The Social Forces Behind the MAGA Coalition
The glue that holds Donald Trump’s coalition together is not ideological coherence but a volatile compound of empire, spectacle, and grievance. Understanding these tensions helps explain both MAGA’s successes and its weaknesses.

Divisions in the MAGA coalition may not threaten the durability of Donald Trump’s image-driven politics. (Manaure Quintero / AFP via Getty Images)
Recent debates over war, imperialism, and domestic state violence have fueled speculation about fractures in the MAGA coalition. But MAGA’s divisions may not seriously threaten the durability of Donald Trump’s image-driven politics, which spans foreign adventurism and ICE deployments and is comfortable with coercive power. Still, these fractures merit close attention — especially insofar as they may point to political openings.

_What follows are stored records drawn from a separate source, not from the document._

Lemma run_sup_increment s p q : 0 <= s -> s <= p -> p <= q ->
  0 <= run_sup b s q - run_sup b s p <= run_sup b p q - b p.
Proof.
move=> s0 sp pq; have p0 := le_trans s0 sp.
have bp_sp : b p <= run_sup b s p by rewrite run_sup_ubound // sp lexx.
have bp_pq : b p <= run_sup b p q by rewrite run_sup_ubound // pq lexx.
rewrite (run_sup_split s0 sp pq); apply/andP.
have [h|h] := leP (run_sup b s p) (run_sup b p q); first by lra.
by rewrite subrr; lra.
Qed.

Lemma run_sup_constant s x y : 0 <= s -> s <= x -> x <= y ->
  (forall t, x <= t <= y -> b t < run_sup b s t) -> run_sup b s y = run_sup b s x.
Proof.
move=> s0 sx xy b_lt; have x0 := le_trans s0 sx.
rewrite (run_sup_split s0 sx xy); apply/max_idPl; rewrite leNgt; apply/negP => lt_xy.
have [u /andP[xu uy] [bu bu_max]] := run_sup_attain x0 xy.
have bu_at : run_sup b x u = b u.
  apply/le_anti; rewrite run_sup_ubound ?xu ?lexx // andbT.
  by apply: ge_run_sup => // v /andP[xv vu]; rewrite bu_max // xv (le_trans vu uy).
have := b_lt u; rewrite xu uy => /(_ isT).
rewrite (run_sup_split s0 sx xu) bu_at -bu lt_max ltxx orbF.
by move=> /(lt_trans lt_xy); rewrite ltxx.
Qed.

End RunningSup.

Lemma run_infE {R : realType} (b : R -> R) s t :
  run_inf b s t = - run_sup (fun u => - b u) s t.
Proof. by rewrite /run_inf /inf /run_sup image_comp. Qed.

Section RunningInf.
Context {R : realType}.
Variable b : R -> R.
Hypothesis b_cont : eps_continuous `[0, +oo[ b.
Let bN_cont : eps_continuous `[0, +oo[ (fun u => - b u) := eps_continuousN b_cont.

Lemma run_inf_lbound s t v : 0 <= s -> s <= v <= t -> run_inf b s t <= b v.
Proof. by move=> s0 svt; rewrite run_infE lerNl (run_sup_ubound bN_cont). Qed.

Lemma le_run_inf s t M : 0 <= s -> s <= t ->
  (forall v, s <= v <= t -> M <= b v) -> M <= run_inf b s t.
Proof.
by move=> s0 st Mb; rewrite run_infE lerNr (ge_run_sup bN_cont) // => v /Mb; rewrite lerN2.
Qed.

Lemma run_inf_xx s : 0 <= s -> run_inf b s s = b s.
Proof. by move=> s0; rewrite run_infE run_sup_xx // opprK. Qed.

Lemma run_inf_split s x y : 0 <= s -> s <= x -> x <= y ->
  run_inf b s y = Num.min (run_inf b s x) (run_inf b x y).
Proof.
move=> s0 sx xy; rewrite !run_infE (run_sup_split bN_cont s0 sx xy).
by rewrite oppr_max.
Qed.

Lemma run_inf_increment s p q : 0 <= s -> s <= p -> p <= q ->
  run_inf b p q - b p <= run_inf b s q - run_inf b s p <= 0.
Proof.
move=> s0 sp pq; have := run_sup_increment bN_cont s0 sp pq.
by rewrite !run_infE; lra.
Qed.

Lemma run_inf_constant s x y : 0 <= s -> s <= x -> x <= y ->
  (forall t, x <= t <= y -> run_inf b s t < b t) -> run_inf b s y = run_inf b s x.
Proof.
move=> s0 sx xy lt_b; rewrite !run_infE; congr (- _).
by apply: (run_sup_constant bN_cont s0 sx xy) => t /lt_b; rewrite run_infE ltrNl.
Qed.

Lemma oscillation_near x e : 0 <= x -> 0 < e -> exists2 d, 0 < d &
  forall p q, 0 <= p -> p <= q -> `|p - x| < d -> `|q - x| < d ->
    run_sup b p q - run_inf b p q < e.
Proof.
move=> x0 e0; have e4 : 0 < e / 4 by lra.
have [d d0 b_near] := b_cont (proj2 (in_itvcyP 0 x) x0) e4.
exists d => // p q p0 pq; rewrite ![`|_ - x| < d]ltr_distlC => /andP[px1 px2] /andP[qx1 qx2].
have b_band v : p <= v <= q -> b x - e / 4 <= b v <= b x + e / 4.
  move=> /andP[pv vq]; have : `|b v - b x| < e / 4.
    by apply: b_near; [apply/in_itvcyP; lra | rewrite ltr_distlC; apply/andP; lra].
  by rewrite ltr_distlC => /andP[]; lra.
have : run_sup b p q <= b x + e / 4 by apply: ge_run_sup => // v /b_band /andP[].
have : b x - e / 4 <= run_inf b p q by apply: le_run_inf => // v /b_band /andP[].
by lra.
Qed.

Lemma eps_continuous_oscillation (F : R -> R) s : 0 <= s ->
  (forall p q, s <= p -> p <= q -> `|F q - F p| <= run_sup b p q - run_inf b p q) ->
  eps_continuous `[s, +oo[ F.
Proof.
move=> s0 F_osc x /in_itvcyP sx e e0.
have [d d0 osc_small] := oscillation_near (le_trans s0 sx) e0.
have F_near p q : s <= p -> p <= q -> `|p - x| < d -> `|q - x| < d -> `|F q - F p| < e.
  move=> sp pq px qx; apply: le_lt_trans (F_osc p q sp pq) _.
  exact: osc_small (le_trans s0 sp) pq px qx.
exists d => // y /in_itvcyP sy yx.
have [xy|/ltW yx'] := leP x y; first by rewrite F_near ?subrr ?normr0.
by rewrite distrC F_near ?subrr ?normr0.
Qed.

Lemma run_sup_continuous s : 0 <= s -> eps_continuous `[s, +oo[ (run_sup b s).
Proof.
move=> s0; apply: eps_continuous_oscillation => // p q sp pq.
have /andP[inc_ge0 inc_le] := run_sup_increment b_cont s0 sp pq.
have : run_inf b p q <= b p by rewrite run_inf_lbound ?lexx ?(le_trans s0 sp).
by rewrite ger0_norm //; lra.
Qed.

Lemma run_inf_continuous s : 0 <= s -> eps_continuous `[s, +oo[ (run_inf b s).
Proof.
move=> s0; apply: eps_continuous_oscillation => // p q sp pq.
have /andP[inc_ge inc_le0] := run_inf_increment s0 sp pq.
have : b p <= run_sup b p q by rewrite run_sup_ubound ?lexx ?(le_trans s0 sp).
by rewrite ler0_norm //; lra.
Qed.

End RunningInf.

Section FirstTime.
Context {R : realType}.
Implicit Types (g : R -> R) (P : R -> Prop).

Lemma first_time_ge (s : \bar R) P : (s <= first_time s P)%E.
Proof. by apply: le_ereal_inf_tmp => _ [t [st _] <-]. Qed.

Lemma first_timeP s tau P : first_time s%:E P = tau%:E ->
  [/\ s <= tau, (forall t, s <= t -> P t -> tau <= t) &
     (forall e, 0 < e -> exists t, [/\ s <= t, P t & t < tau + e])].
Proof.
move=> E; split.
- by rewrite -lee_fin -E first_time_ge.
- move=> t st Pt; rewrite -lee_fin -E; apply: ereal_inf_lbound.
  by exists t => //; rewrite lee_fin.
- move=> e e0; have : (first_time s%:E P < (tau + e)%:E)%E by rewrite E lte_fin; lra.
  move=> /ereal_inf_lt[_ [t [st Pt] <-]]; rewrite lte_fin => te.
  by exists t; split => //; rewrite -lee_fin.
Qed.

Lemma ivt_down g s t v : eps_continuous `[s, +oo[ g -> s <= t -> g t <= v -> v <= g s ->
  exists2 u, s <= u <= t & g u = v.
Proof.
move=> g_cont st gtv vgs.
have g_st : {within `[s, t], continuous g}.
  apply/eps_continuousP; apply: eps_continuousW g_cont => x /=.
  by rewrite !in_itv /= andbT => /andP[].
have : Num.min (g s) (g t) <= v <= Num.max (g s) (g t).
  by rewrite ge_min le_max gtv vgs orbT.
by move=> /(IVT st g_st)[u]; rewrite in_itv /= => sut gu; exists u.
Qed.

Section LevelHitting.
Variables (g : R -> R) (s v tau : R).
Hypothesis g_cont : eps_continuous `[s, +oo[ g.
Hypothesis tau_def : first_time s%:E (fun t => g t = v) = tau%:E.

Lemma first_time_level : g tau = v.
Proof.
have [s_tau tau_min tau_adh] := first_timeP tau_def.
apply/eqP/negPn/negP => ne; have e0 : 0 < `|g tau - v| by rewrite normr_gt0 subr_eq0.
have [d d0 g_near] := g_cont (proj2 (in_itvcyP s tau) s_tau) e0.
have [t [st gt td]] := tau_adh d d0.
have t_near : `|t - tau| < d by rewrite ger0_norm ?subr_ge0 ?tau_min //; lra.
by have := g_near t (proj2 (in_itvcyP s t) st) t_near; rewrite gt distrC ltxx.
Qed.

Lemma first_time_gt : g s <> v -> s < tau.
Proof.
have [s_tau _ _] := first_timeP tau_def.
by rewrite lt_neqAle s_tau andbT => gs; apply/eqP => st; apply: gs; rewrite st first_time_level.
Qed.

Lemma first_time_above : v < g s -> forall t, s <= t <= tau -> v <= g t.
Proof.
have [_ tau_min _] := first_timeP tau_def.
move=> vgs t /andP[st t_tau]; rewrite leNgt; apply/negP => gtv.
have [u /andP[su ut] gu] := ivt_down g_cont st (ltW gtv) (ltW vgs).
have tu := tau_min u su gu.
by move: gtv; rewrite (@le_anti _ _ t u) ?ut ?(le_trans t_tau tu) // gu ltxx.
Qed.

End LevelHitting.

Lemma first_time_below g s v tau : eps_continuous `[s, +oo[ g ->
  first_time s%:E (fun t => g t = v) = tau%:E -> g s < v ->
  forall t, s <= t <= tau -> g t <= v.
Proof.
move=> g_cont tau_def gsv t stt; rewrite -lerN2.
apply: (first_time_above (eps_continuousN g_cont) _ _ stt); last by rewrite ltrN2.
by rewrite -tau_def; congr first_time; apply/funext => u; apply/propext; split => h; lra.
Qed.

Lemma hit_before (b : R -> R) x y tau : eps_continuous `[0, +oo[ b -> b 0 = 0 ->
  y < 0 < x -> hit b x = tau%:E -> (hit b x <= hit b y)%E ->
  [/\ 0 <= tau, b tau = x & forall t, 0 <= t <= tau -> y <= b t <= x].
Proof.
move=> b_cont b0 /andP[y0 x0] tau_def hit_xy.
have [tau0 _ _] := first_timeP tau_def.
split => // [|t /andP[t0 t_tau]]; first exact: first_time_level tau_def.
rewrite (first_time_below b_cont tau_def) ?b0 ?t0 // andbT leNgt; apply/negP => bty.
have y_b0 : y <= b 0 by rewrite b0 ltW.
have [u /andP[u0 ut] bu] := ivt_down b_cont t0 (ltW bty) y_b0.
have hit_y_u : (hit b y <= u%:E)%E.
  by apply: ereal_inf_lbound; exists u => //; split; rewrite ?lee_fin.
have : (tau%:E <= u%:E)%E by rewrite -tau_def (le_trans hit_xy hit_y_u).
rewrite lee_fin => tau_u; have ut' : u = tau by apply: le_anti; rewrite (le_trans ut t_tau).
by move: bu; rewrite ut' (first_time_level b_cont tau_def) => xy; lra.
Qed.
End FirstTime.

Lemma piecewise_ind {R : realType} (tau : nat -> R) (Q : R -> R -> Prop) :
  (forall m, tau m <= tau m.+1) -> (forall y, exists m, y <= tau m) ->
  (forall x z y, 0 <= x -> x <= z -> z <= y -> Q x z -> Q z y -> Q x y) ->
  (forall x y, 0 <= x -> x <= y -> y <= tau 0%N -> Q x y) ->
  (forall m x y, tau m <= x -> x <= y -> y <= tau m.+1 -> Q x y) ->
  forall x y, 0 <= x -> x <= y -> Q x y.
Proof.
move=> tau_mono tau_unbounded Q_trans Q_init Q_piece.
suff Q_upto n x y : 0 <= x -> x <= y -> y <= tau n -> Q x y.
  by move=> x y x0 xy; have [m ym] := tau_unbounded y; exact: (Q_upto m).
elim: n x y => [|n IH] x y x0 xy yn; first exact: Q_init.
have [yn'|/ltW ny] := leP y (tau n); first exact: IH.
have [nx|/ltW xn] := leP (tau n) x; first exact: (Q_piece n).
by apply: (Q_trans x (tau n) y) => //; [exact: IH | exact: Q_piece].
Qed.

Lemma nonincreasing_bounded_variation {R : realType} a b (f : R -> R) :
  {in `[a, b] &, {homo f : x y /~ x <= y}} -> bounded_variation a b f.
Proof.
move=> f_decr; have -> : f = \- (\- f) by apply/funext => x /=; rewrite opprK.
apply/bounded_variationN/nondecreasing_bounded_variation => x y xab yab xy /=.
by rewrite lerN2 f_decr.
Qed.

Section ReflectedPath.
Context {R : realType}.
Variables (b : R -> R) (c : R).
Hypothesis c_gt0 : 0 < c.
Hypothesis b_cont : eps_continuous `[0, +oo[ b.
Hypothesis b0 : b 0 = 0.
Hypothesis T_finite : forall m, (Tseq b c m < +oo)%E.

Definition tau m := fine (Tseq b c m).

(* On [[T_m, T_(m+1)]], U is the running supremum minus c when [upward m] and
   the running infimum plus c otherwise. *)
Definition upward m : bool := reach_c_first b c == ~~ odd m.

Lemma Tseq_S m : Tseq b c m.+1 =
  if upward m then drop_time b c (Tseq b c m) else rise_time b c (Tseq b c m).
Proof. by rewrite /upward /=; case: (reach_c_first b c); case: (odd m). Qed.

Lemma upward_S m : upward m.+1 = ~~ upward m.
Proof. by rewrite /upward /=; case: (reach_c_first b c); case: (odd m). Qed.

Lemma Tseq_ge0 m : (0 <= Tseq b c m)%E.
Proof.
elim: m => [|m IH]; first by rewrite /=; case: ifP => _; exact: first_time_ge.
by rewrite Tseq_S; case: ifP => _; apply: le_trans IH _; exact: first_time_ge.
Qed.

Lemma Tseq_tau m : Tseq b c m = (tau m)%:E.
Proof. by rewrite /tau; move: (T_finite m) (Tseq_ge0 m); case: (Tseq b c m). Qed.

Lemma tau_ge0 m : 0 <= tau m.
Proof. by have := Tseq_ge0 m; rewrite Tseq_tau lee_fin. Qed.
Lemma exists_centering F d : size F = d.+1 -> (1 < d)%N ->
  exists2 v : {poly K}, size v = 2 & centered (lin_conj v F).
Proof.
move=> sF d1; have sQ := size_derivn_pred sF (ltnW d1).
set Q := F^`(d.-1) in sQ; pose z := - Q`_0 / Q`_1.
have Qz : Q.[z] = 0.
  rewrite [Q](lin_polyE (eq_leq sQ)) hornerD hornerZ hornerX hornerC /z mulrC.
  by rewrite divfK ?lin_coef1_neq0 // addNr.
pose v := 'X - z%:P; have sv : size v = 2 by rewrite size_XsubC.
have vz : (lin_inv v).[0] = z.
  rewrite horner_coef0 /lin_inv coefZ coefB coefX coefC /= sub0r /v lead_coefXsubC.
  by rewrite invr1 mul1r coefB coefX coefC /= sub0r opprK.
have sF1 : (1 < size F)%N by rewrite sF ltnS ltnW.
exists v => //; rewrite /centered size_lin_conj // sF /=.
rewrite /lin_conj /v comp_polyB comp_polyX comp_polyC derivnB derivnC.
have -> : (d.-1 == 0%N) = false by case: (d) d1 => [|[|]].
rewrite subr0 derivn_comp_lin ?size_lin_inv // hornerZ horner_comp -/v vz -/Q Qz.
by rewrite mulr0.
Qed.

Lemma centered_iter2_lin_sym F d beta rho : size F = d.+1 -> (1 < d)%N ->
  centered F -> size beta = 2 -> size rho = 2 ->
  F \Po (F \Po beta) = (rho \Po F) \Po F ->
  exists2 b, beta = b *: 'X & forall i, (i < d)%N -> F`_i != 0 -> b ^+ (d - i) = 1.
Proof.
move=> sF d1 cF sbeta srho E.
have sF1 : (1 < size F)%N by rewrite sF ltnS ltnW.
have sFb : size (F \Po beta) = size F by rewrite size_comp_poly2.
have sFb1 : (1 < size (F \Po beta))%N by rewrite sFb.
have [nu [snu e1 e2]] := comp_poly_eq_lin sF1 (esym (size_comp_lin srho sF1)) sFb1 sFb E.
have b0 : beta`_0 = 0 by apply: (centered_comp_lin_fix sF d1 cF sbeta snu); rewrite -e1.
have n0 : nu`_0 = 0.
  by apply: (centered_comp_lin_fix sF d1 cF snu srho); rewrite comp_polyA -e2.
set b := beta`_1; set c := nu`_1.
have betaE : beta = b *: 'X by rewrite {1}(lin_polyE (eq_leq sbeta)) b0 addr0.
have nuE : nu = c *: 'X by rewrite {1}(lin_polyE (eq_leq snu)) n0 addr0.
exists b => // i id Fi.
have cbF j : F`_j = c * (b ^+ j * F`_j).
  by rewrite {1}e1 nuE betaE comp_polyZ comp_polyX coefZ coef_comp_scaleX.
have Fd := coef_deg_neq0 sF.
have cbd : c * b ^+ d = 1 by apply: (mulIf Fd); rewrite mul1r -mulrA -cbF.
have cbi : c * b ^+ i = 1 by apply: (mulIf Fi); rewrite mul1r -mulrA -cbF.
apply: (mulfI (_ : c * b ^+ i != 0)); first by rewrite cbi oner_neq0.
by rewrite mulr1 -mulrA -exprD subnKC ?cbd // ltnW.
Qed.

End CharacteristicZero.

Section IteratesUpToLinear.
Variable K : fieldType.
Hypothesis char0 : [pchar K] =i pred0.
Variables (F l : {poly K}) (d : nat).
Hypotheses (sF : size F = d.+1) (d_gt1 : (1 < d)%N) (sl : size l = 2).
Implicit Types (ln lm mu : {poly K}).
Local Notation G := (F \Po l).

Let sF1 : (1 < size F)%N. Proof. by rewrite sF ltnS ltnW. Qed.
Let sG : size G = size F. Proof. exact: size_comp_poly2. Qed.
Let size_iterG k : size (poly_iter G k) = size (poly_iter F k).
Proof. by rewrite !size_poly_iter ?sG. Qed.

Lemma poly_iter_lin_factor2 n ln : (1 < n)%N -> size ln = 2 ->
  poly_iter F n = poly_iter G n \Po ln ->
  exists2 mu : {poly K}, size mu = 2 & poly_iter G 2 \Po ln = mu \Po poly_iter F 2.
Proof.
move=> n1 sln; rewrite -(subnK n1) !poly_iterD -comp_polyA => E.
have [||||mu [smu e _]] := comp_poly_eq_lin char0 _ _ _ _ E; last by exists mu.
- exact: size_poly_iter_gt1.
- by rewrite size_iterG.
- exact: size_poly_iter_gt1.
- by rewrite [RHS]size_comp_poly2 // size_iterG.
Qed.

Jacobin recently spoke with John Ganz, author of When the Clock Broke: Con Men, Conspiracists, and How America Cracked Up in the Early 1990s and the Unpopular Front, a newsletter about the social forces holding the MAGA coalition together and where its internal contradictions might matter.
Marshall Pierce
We’re here to talk about whether cracks may be forming within the contemporary right-wing bloc, and whether those cracks could create new political openings for the Left. There’s been a surge of commentary recently about an emerging rift within the Right’s coalition, with the most visible flash point being around foreign policy, particularly the recent invasion of Venezuela. This has unsettled certain prominent figures — Candace Owens, Marjorie Taylor Greene — and has led to speculation about burgeoning tensions within the broader MAGA movement.